Your theoretical study there tells you about substance toxicity, but it tells you very little about the real-world dangers of substance Y to rats.
Would rats choose to consume substance Y at all? How often and how compulsively? What are the effects on rats at the levels they choose to consume, rather than the effects on them at levels the scientists chose to dose them with? If most rats would choose to eat 1mg of Y, at most once a year, and that level doesn't seem to harm them, then that 50mg test has shown you nothing at all.
Substance Z doesn't kill at 50mg, in fact it's safe up to 1000mg, is it less harmful? Well that depends. If the rats compulsively gobble every bit of it they can find and then drop dead after a month, we can say that Z is much worse.
Imagine you worked in an alcoholic rehab centre. You have first hand evidence all around you of the horrific damage alcohol wreaks on its users. Many of them have liver problems, are aged by the booze and their tough lives. Some are battling cancers caused by the drink, others have severe mental impairments. Your impression of drinkers is likely very skewed.
That's what you're doing with your sample of LSD users. With alcohol you're explicitly excluding the equivalent group in your assessment - "You can reasonably safely consume a lot of alcohol without issue, as in 1-3 beers a night for a decade" - when we can be confident that the group of alcohol addicts is larger as a proportion and suffers from all sorts of issues you're happy to ignore.
This way of thinking is so common I'm considering naming it the "it's just a beer" fallacy. Most people who have a beer or two don't become alcoholics. Most people who drop acid once or twice don't become your dads friends. To gauge relative harm we need to figure out what 'most' means and what the consequences are across users. You don't get to select a moderate drinker and an extreme outlier acid-head and say "see! this one is worse!". That's not a valid comparison.
"but IMO it’s more dangerous than both Alcohol and Tobacco even as people claim otherwise."
I could agree with tobacco but I don't believe LSD is more dangerous than alcohol. Most domestic violence, most fatal traffic accidents are under the influence of alcohol. It destroys families and communities.

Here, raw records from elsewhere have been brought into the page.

Definition PhiF (f : forall t, 'cV[R]_(n t) -> R) (A : forall t, 'M[R]_(m, n t))
  (b : 'cV[R]_m) (rho theta taux tauz : R)
  (x : forall t, 'cV[R]_(n t)) (z lam : 'cV[R]_m)
  (xh : forall t, 'cV[R]_(n t)) (zh : 'cV[R]_m) : R :=
  Lag f A b rho theta x z lam + tauz / 4 * sqn (z - zh)
  + \sum_(t < T) taux / 4 * wsqn ((A t)^T *m A t) (x t - xh t).

(* the x_t-subproblem objective at iteration k (k >= 1), using iterate k-1 *)
Definition subobj (f : forall t, 'cV[R]_(n t) -> R) (A : forall t, 'M[R]_(m, n t))
  (b : 'cV[R]_m) (rho taux : R)
  (xp : forall t, 'cV[R]_(n t)) (zp lamp : 'cV[R]_m) (t : 'I_T) (y : 'cV[R]_(n t)) : R :=
  f t y + (lamp^T *m (A t *m y)) 0 0
  + rho / 2 * sqn (A t *m y + (\sum_(s < T | s != t) A s *m xp s) + zp - b)
  + taux / 2 * wsqn ((A t)^T *m A t) (y - xp t).

Definition dz (theta tauz : R) (z lam : nat -> 'cV[R]_m) (k : nat) : 'cV[R]_m :=
  if k is k'.+1 then z k - z k' else - (tauz^-1 *: (lam 0%N + theta *: z 0%N)).

Definition dx (x : nat -> forall t, 'cV[R]_(n t)) (k : nat) (t : 'I_T) : 'cV[R]_(n t) :=
  if k is k'.+1 then x k t - x k' t else 0.

Definition Phi (f : forall t, 'cV[R]_(n t) -> R) (A : forall t, 'M[R]_(m, n t))
  (b : 'cV[R]_m) (rho theta taux tauz : R)
  (x : nat -> forall t, 'cV[R]_(n t)) (z lam : nat -> 'cV[R]_m) (k : nat) : R :=
  if k is k'.+1 then PhiF f A b rho theta taux tauz (x k) (z k) (lam k) (x k') (z k')
  else Lag f A b rho theta (x 0%N) (z 0%N) (lam 0%N) + tauz / 4 * sqn (dz theta tauz z lam 0).

End Defs.

From HB Require Import structures.
From mathcomp Require Import all_boot all_order all_algebra.
From mathcomp Require Import all_classical all_reals all_analysis.
From mathcomp Require Import ring lra.
Import Order.TTheory GRing.Theory Num.Theory.
Import numFieldNormedType.Exports.
Local Open Scope classical_set_scope.
Local Open Scope ring_scope.
Set Implicit Arguments. Unset Strict Implicit. Unset Printing Implicit Defensive.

I don't see how LSD could be that damaging.
Long term use aside, the amount of life changing (mostly in the bad sense) interactions I had while using alcohol are in a class in its own.
Prison statistics reflect that especially in violent crime.
Messing you up really bad if you use way too much or use way too frequently is also a property of alcohol, is the thing. And lots of them aren’t any more habit-forming than alcohol (less, in several cases).
Like yeah if you take way too much lsd or take a tab a day it might fuck you up, but so will drinking a fifth of whiskey inside an hour, or having two or three cocktails every evening. Or take like double the top-end therapeutic dose of tylenol.
I’m not claiming most of them are strictly safe, just that most aren’t obviously in a whole different risk category from a couple of our legal drugs. Shit, I’ve given myself heart palpitations as a teen because nobody stopped me from getting a second triple-shot cappuccino.
We didn't get the briefcase either. But one officer did bring his K9. Which then tried to bite my classmate during the "come up here and pet it" session.
>> What I did get is a cop telling me that my parents having a glass of wine with dinner or a cigarette after work was just as bad a them using cocaine
That cop came to my school too. On a bicycle. He also told us that 50% of us would die in any car accident over 50mph. It was really hard to not laugh at him given the number of us who participated in the local streetracing scene. In a room full of students in jackets and ties, he stood there spouting lies in his spandex bike shorts.
A few years later when my friends were smoking weed and laughed at my concerns, and I realized I’d been lied to, I pretty much did everything under the sun.
An actual education would have let me make better choices about my recreational drug use as a young person.